- Opening Delimiter -

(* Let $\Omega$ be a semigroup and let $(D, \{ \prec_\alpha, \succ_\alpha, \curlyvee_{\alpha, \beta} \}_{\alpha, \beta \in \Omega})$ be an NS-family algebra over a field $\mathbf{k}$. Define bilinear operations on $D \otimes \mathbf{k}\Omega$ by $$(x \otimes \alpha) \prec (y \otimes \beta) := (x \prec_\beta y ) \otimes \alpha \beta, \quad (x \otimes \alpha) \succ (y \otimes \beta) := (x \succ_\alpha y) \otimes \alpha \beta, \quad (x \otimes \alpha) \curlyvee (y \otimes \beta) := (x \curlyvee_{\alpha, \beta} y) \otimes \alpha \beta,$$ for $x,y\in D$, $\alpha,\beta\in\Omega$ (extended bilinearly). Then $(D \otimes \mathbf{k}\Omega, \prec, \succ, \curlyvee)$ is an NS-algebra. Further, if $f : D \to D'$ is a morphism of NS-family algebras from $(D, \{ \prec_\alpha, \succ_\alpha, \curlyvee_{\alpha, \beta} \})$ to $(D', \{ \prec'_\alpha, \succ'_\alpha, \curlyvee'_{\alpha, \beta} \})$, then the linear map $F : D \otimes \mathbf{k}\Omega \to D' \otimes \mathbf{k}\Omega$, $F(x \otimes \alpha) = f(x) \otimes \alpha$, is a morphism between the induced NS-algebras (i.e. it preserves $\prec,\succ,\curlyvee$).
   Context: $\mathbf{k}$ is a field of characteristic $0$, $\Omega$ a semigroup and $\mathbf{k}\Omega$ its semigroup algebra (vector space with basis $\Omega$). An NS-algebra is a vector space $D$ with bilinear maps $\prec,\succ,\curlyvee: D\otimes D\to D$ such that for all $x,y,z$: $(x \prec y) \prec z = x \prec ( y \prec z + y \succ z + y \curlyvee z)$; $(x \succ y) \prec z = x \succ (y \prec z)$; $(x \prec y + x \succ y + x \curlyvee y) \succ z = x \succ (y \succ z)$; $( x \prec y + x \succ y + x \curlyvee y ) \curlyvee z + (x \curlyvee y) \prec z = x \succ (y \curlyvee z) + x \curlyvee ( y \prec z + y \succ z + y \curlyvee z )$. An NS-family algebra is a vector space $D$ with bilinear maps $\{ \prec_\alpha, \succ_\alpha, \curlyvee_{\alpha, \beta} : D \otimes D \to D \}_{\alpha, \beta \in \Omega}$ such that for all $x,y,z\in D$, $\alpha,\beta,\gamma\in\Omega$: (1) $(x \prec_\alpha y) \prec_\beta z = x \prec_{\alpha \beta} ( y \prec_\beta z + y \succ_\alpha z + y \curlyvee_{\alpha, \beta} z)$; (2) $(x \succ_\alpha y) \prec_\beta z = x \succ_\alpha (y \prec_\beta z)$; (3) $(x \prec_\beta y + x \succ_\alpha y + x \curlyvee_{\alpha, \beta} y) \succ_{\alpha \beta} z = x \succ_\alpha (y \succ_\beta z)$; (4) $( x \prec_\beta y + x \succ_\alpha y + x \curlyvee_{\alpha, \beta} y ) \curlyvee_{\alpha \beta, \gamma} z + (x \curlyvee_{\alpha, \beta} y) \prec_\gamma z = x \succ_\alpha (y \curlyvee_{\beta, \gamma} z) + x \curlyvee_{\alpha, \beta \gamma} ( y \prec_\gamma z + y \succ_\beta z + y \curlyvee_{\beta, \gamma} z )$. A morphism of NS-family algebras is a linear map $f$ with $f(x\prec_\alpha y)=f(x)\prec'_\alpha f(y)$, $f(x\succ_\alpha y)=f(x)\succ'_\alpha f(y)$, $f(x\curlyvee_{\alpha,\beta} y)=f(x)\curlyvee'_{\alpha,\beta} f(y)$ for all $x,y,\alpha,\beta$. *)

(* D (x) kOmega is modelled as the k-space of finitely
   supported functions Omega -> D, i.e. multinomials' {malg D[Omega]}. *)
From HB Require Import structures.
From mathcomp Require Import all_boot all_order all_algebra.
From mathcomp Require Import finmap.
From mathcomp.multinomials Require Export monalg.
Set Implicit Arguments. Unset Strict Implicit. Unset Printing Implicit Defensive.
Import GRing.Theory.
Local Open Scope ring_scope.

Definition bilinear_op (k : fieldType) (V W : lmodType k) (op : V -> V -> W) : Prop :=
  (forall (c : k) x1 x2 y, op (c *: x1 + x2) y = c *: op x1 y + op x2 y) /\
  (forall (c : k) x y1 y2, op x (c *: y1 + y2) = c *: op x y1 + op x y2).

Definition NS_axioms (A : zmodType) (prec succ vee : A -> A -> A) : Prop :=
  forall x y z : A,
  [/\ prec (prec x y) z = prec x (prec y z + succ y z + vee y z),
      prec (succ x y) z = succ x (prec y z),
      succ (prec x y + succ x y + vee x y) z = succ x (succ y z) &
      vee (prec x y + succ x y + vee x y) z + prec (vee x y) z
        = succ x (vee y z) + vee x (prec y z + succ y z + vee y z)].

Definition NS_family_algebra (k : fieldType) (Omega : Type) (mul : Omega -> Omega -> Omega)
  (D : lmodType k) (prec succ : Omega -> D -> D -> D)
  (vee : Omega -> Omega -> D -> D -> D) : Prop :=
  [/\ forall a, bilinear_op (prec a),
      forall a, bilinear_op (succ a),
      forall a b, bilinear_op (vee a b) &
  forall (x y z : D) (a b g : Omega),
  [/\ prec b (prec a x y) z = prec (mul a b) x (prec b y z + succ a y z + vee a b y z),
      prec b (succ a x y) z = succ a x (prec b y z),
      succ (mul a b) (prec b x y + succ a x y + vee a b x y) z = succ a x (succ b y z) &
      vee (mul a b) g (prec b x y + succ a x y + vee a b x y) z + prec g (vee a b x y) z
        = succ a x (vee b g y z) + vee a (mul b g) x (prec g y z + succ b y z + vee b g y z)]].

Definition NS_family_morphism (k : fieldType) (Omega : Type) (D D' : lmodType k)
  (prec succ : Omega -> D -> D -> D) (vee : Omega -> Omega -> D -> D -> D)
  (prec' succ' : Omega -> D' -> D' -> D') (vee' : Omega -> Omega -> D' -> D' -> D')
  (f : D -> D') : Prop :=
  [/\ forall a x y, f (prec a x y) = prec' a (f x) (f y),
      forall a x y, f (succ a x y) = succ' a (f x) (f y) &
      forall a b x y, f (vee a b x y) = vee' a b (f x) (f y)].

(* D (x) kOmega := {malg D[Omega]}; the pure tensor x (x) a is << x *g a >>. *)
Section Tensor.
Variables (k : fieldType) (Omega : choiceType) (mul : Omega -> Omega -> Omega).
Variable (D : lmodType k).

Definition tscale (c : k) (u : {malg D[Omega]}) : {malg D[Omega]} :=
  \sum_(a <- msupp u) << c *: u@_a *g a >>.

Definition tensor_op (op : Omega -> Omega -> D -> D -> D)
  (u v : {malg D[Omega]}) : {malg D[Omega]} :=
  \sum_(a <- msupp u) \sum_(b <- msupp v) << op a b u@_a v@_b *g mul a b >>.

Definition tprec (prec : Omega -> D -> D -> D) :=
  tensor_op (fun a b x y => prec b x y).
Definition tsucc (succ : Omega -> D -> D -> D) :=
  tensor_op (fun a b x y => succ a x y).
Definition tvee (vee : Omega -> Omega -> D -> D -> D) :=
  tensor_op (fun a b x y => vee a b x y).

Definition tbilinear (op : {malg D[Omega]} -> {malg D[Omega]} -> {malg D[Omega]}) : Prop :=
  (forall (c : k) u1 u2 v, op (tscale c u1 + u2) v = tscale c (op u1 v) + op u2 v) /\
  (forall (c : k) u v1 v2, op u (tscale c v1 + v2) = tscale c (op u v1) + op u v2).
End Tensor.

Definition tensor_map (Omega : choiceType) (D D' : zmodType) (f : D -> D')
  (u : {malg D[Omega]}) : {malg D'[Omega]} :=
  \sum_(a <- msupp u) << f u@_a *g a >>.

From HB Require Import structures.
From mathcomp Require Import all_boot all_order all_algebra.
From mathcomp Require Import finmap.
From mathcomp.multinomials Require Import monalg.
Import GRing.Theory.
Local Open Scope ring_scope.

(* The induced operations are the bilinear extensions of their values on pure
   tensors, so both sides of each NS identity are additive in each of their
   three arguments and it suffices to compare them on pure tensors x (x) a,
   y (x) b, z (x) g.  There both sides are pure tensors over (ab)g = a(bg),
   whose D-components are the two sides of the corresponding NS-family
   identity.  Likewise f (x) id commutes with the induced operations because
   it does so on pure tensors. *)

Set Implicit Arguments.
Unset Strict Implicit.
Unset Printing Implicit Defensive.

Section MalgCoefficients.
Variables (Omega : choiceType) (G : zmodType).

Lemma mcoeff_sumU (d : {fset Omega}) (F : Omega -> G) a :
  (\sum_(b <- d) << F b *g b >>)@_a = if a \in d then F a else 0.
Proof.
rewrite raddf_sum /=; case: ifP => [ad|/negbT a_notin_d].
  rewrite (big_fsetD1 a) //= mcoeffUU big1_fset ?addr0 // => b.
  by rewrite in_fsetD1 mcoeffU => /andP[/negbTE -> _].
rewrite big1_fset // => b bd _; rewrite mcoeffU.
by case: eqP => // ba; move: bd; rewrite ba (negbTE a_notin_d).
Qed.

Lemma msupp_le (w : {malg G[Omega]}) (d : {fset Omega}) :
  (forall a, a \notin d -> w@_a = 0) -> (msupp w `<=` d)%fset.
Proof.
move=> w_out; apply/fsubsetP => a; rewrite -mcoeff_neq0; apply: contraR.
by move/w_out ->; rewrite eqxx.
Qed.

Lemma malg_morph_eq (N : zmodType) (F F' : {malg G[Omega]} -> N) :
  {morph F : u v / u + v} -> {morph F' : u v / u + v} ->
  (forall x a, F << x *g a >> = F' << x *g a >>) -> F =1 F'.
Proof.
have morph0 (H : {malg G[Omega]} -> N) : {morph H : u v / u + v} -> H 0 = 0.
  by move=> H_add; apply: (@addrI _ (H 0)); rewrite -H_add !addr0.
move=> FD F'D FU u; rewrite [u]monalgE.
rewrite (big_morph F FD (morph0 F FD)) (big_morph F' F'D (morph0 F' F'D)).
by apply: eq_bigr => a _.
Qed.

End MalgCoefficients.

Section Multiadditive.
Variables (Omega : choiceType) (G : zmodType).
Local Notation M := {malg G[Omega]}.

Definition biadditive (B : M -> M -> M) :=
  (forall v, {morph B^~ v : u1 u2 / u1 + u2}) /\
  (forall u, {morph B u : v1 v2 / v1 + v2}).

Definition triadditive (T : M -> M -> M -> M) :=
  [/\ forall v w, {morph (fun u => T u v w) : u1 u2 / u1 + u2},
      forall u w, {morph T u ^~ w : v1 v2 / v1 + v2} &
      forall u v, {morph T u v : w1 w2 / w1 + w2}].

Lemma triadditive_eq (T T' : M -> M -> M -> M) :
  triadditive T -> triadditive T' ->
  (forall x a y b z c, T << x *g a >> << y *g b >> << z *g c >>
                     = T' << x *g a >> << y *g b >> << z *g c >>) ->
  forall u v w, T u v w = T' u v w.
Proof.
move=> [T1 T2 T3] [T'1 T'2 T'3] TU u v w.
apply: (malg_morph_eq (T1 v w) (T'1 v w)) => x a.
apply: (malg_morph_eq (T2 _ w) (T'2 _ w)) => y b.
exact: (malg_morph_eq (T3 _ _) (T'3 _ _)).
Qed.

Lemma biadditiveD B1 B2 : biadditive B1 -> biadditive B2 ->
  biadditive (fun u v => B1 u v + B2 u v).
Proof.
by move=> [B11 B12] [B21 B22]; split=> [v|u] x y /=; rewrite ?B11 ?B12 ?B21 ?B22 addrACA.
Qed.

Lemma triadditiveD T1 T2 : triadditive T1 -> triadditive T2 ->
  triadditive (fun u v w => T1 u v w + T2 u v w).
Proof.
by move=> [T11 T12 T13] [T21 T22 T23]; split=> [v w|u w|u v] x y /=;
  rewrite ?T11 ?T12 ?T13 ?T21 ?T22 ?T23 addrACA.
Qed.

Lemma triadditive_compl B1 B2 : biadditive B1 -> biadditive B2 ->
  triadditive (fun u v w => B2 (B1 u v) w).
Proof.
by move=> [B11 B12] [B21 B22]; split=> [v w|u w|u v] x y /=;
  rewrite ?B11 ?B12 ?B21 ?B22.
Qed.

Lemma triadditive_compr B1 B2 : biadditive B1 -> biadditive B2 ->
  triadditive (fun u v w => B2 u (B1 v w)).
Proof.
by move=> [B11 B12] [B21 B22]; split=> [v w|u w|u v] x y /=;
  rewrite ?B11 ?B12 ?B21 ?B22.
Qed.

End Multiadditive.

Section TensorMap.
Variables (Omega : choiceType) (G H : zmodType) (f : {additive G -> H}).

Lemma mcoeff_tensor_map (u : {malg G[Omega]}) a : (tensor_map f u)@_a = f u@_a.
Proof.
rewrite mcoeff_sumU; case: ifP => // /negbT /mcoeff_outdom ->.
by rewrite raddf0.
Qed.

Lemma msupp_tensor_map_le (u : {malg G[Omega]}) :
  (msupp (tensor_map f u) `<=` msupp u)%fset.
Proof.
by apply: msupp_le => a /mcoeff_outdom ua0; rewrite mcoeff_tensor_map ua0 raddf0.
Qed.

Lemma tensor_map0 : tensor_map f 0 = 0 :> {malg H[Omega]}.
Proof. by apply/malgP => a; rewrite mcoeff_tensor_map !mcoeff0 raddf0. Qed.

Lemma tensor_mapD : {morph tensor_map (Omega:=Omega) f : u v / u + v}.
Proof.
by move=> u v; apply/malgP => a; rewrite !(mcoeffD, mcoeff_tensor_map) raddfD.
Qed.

- Closing Delimiter -

ACTIVITY: Show every line of the data in which the word "Implicit" appears.

EXPECTED OUTPUT:
Set Implicit Arguments. Unset Strict Implicit. Unset Printing Implicit Defensive.
Set Implicit Arguments.
Unset Strict Implicit.
Unset Printing Implicit Defensive.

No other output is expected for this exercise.